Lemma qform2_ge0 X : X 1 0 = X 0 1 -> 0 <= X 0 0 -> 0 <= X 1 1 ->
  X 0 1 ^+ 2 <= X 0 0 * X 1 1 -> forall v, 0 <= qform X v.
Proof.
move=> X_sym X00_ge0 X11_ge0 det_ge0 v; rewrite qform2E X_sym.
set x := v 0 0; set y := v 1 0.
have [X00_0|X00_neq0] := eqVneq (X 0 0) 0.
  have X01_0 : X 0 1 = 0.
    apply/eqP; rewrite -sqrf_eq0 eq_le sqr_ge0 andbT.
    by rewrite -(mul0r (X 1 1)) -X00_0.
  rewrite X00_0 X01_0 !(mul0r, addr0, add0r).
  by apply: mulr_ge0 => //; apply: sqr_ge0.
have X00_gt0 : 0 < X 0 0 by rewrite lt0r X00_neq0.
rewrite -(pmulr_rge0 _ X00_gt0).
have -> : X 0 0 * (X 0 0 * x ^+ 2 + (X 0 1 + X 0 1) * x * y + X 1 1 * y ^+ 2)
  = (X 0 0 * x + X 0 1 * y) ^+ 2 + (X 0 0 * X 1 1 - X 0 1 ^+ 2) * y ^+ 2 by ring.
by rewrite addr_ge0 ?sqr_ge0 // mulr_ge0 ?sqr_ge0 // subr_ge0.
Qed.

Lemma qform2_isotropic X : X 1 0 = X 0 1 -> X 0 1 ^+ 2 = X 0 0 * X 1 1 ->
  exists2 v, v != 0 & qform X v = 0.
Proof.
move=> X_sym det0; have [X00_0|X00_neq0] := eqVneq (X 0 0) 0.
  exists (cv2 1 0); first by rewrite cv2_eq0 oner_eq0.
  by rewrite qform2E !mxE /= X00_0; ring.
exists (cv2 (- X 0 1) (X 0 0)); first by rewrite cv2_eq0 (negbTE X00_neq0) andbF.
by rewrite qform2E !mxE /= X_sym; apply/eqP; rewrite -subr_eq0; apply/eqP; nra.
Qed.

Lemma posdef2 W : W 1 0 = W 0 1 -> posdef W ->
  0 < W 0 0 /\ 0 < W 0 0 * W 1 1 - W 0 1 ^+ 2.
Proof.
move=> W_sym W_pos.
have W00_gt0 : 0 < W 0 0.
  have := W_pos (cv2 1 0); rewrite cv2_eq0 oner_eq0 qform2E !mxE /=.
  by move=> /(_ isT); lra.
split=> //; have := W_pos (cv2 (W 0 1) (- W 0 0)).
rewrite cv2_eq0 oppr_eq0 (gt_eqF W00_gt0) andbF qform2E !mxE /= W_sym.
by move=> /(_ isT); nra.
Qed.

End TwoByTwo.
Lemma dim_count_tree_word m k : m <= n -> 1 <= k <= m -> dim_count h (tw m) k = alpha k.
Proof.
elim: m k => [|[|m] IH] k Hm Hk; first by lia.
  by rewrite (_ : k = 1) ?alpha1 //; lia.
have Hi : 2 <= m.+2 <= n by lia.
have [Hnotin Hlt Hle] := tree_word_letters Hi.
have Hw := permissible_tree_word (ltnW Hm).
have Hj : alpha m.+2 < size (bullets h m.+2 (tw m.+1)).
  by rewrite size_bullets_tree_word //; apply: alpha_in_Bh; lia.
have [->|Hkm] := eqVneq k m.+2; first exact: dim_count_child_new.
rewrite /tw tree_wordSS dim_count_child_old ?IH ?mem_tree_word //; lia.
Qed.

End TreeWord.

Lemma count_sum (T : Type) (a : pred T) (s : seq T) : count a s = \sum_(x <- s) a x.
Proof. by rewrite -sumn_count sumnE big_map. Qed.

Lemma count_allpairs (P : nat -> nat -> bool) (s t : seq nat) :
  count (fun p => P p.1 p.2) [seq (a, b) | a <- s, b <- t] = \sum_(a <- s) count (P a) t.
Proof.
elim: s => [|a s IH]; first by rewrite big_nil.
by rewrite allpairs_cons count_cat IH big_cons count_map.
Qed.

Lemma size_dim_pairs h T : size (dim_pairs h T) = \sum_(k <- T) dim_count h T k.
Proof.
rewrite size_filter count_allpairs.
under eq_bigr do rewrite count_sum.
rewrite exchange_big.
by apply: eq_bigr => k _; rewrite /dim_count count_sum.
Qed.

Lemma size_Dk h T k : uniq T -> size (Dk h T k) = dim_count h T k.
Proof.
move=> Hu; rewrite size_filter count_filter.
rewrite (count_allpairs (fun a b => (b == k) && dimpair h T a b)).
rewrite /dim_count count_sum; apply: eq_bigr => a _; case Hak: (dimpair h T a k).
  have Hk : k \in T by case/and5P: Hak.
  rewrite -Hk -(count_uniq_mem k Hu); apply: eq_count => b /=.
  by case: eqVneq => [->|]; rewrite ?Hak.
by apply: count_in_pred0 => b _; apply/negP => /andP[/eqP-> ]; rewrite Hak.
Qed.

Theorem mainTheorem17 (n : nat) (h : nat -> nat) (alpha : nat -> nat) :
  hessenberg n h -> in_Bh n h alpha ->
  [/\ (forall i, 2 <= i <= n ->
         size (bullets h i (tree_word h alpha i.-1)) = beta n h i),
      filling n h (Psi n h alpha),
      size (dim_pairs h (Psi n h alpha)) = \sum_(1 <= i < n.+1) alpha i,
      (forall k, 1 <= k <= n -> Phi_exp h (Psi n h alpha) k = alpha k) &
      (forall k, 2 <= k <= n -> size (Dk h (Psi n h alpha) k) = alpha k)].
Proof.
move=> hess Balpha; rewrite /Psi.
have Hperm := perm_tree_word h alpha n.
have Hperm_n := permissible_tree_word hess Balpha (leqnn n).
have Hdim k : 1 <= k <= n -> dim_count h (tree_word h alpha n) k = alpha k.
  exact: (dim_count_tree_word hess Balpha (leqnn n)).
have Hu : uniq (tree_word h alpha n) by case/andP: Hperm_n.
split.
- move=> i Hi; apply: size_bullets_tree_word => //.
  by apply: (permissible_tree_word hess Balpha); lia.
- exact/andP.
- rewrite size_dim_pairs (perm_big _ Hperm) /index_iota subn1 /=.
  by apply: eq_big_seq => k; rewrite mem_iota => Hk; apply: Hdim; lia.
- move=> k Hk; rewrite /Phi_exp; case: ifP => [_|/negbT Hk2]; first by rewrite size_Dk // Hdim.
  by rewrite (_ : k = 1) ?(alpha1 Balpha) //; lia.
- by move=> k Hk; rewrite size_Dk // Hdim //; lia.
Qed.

* * * * * * *

Work task ->
Repeat, exactly as they stand above, the lines from the line with "have Hj : alpha" to the line with "have Hperm := perm_tree_word h alpha n.", both lines included.

Task output ->
have Hj : alpha m.+2 < size (bullets h m.+2 (tw m.+1)).
  by rewrite size_bullets_tree_word //; apply: alpha_in_Bh; lia.
have [->|Hkm] := eqVneq k m.+2; first exact: dim_count_child_new.
rewrite /tw tree_wordSS dim_count_child_old ?IH ?mem_tree_word //; lia.
Qed.

End TreeWord.

Lemma count_sum (T : Type) (a : pred T) (s : seq T) : count a s = \sum_(x <- s) a x.
Proof. by rewrite -sumn_count sumnE big_map. Qed.

Lemma count_allpairs (P : nat -> nat -> bool) (s t : seq nat) :
  count (fun p => P p.1 p.2) [seq (a, b) | a <- s, b <- t] = \sum_(a <- s) count (P a) t.
Proof.
elim: s => [|a s IH]; first by rewrite big_nil.
by rewrite allpairs_cons count_cat IH big_cons count_map.
Qed.

Lemma size_dim_pairs h T : size (dim_pairs h T) = \sum_(k <- T) dim_count h T k.
Proof.
rewrite size_filter count_allpairs.
under eq_bigr do rewrite count_sum.
rewrite exchange_big.
by apply: eq_bigr => k _; rewrite /dim_count count_sum.
Qed.

Lemma size_Dk h T k : uniq T -> size (Dk h T k) = dim_count h T k.
Proof.
move=> Hu; rewrite size_filter count_filter.
rewrite (count_allpairs (fun a b => (b == k) && dimpair h T a b)).
rewrite /dim_count count_sum; apply: eq_bigr => a _; case Hak: (dimpair h T a k).
  have Hk : k \in T by case/and5P: Hak.
  rewrite -Hk -(count_uniq_mem k Hu); apply: eq_count => b /=.
  by case: eqVneq => [->|]; rewrite ?Hak.
by apply: count_in_pred0 => b _; apply/negP => /andP[/eqP-> ]; rewrite Hak.
Qed.

Theorem mainTheorem17 (n : nat) (h : nat -> nat) (alpha : nat -> nat) :
  hessenberg n h -> in_Bh n h alpha ->
  [/\ (forall i, 2 <= i <= n ->
         size (bullets h i (tree_word h alpha i.-1)) = beta n h i),
      filling n h (Psi n h alpha),
      size (dim_pairs h (Psi n h alpha)) = \sum_(1 <= i < n.+1) alpha i,
      (forall k, 1 <= k <= n -> Phi_exp h (Psi n h alpha) k = alpha k) &
      (forall k, 2 <= k <= n -> size (Dk h (Psi n h alpha) k) = alpha k)].
Proof.
move=> hess Balpha; rewrite /Psi.
have Hperm := perm_tree_word h alpha n.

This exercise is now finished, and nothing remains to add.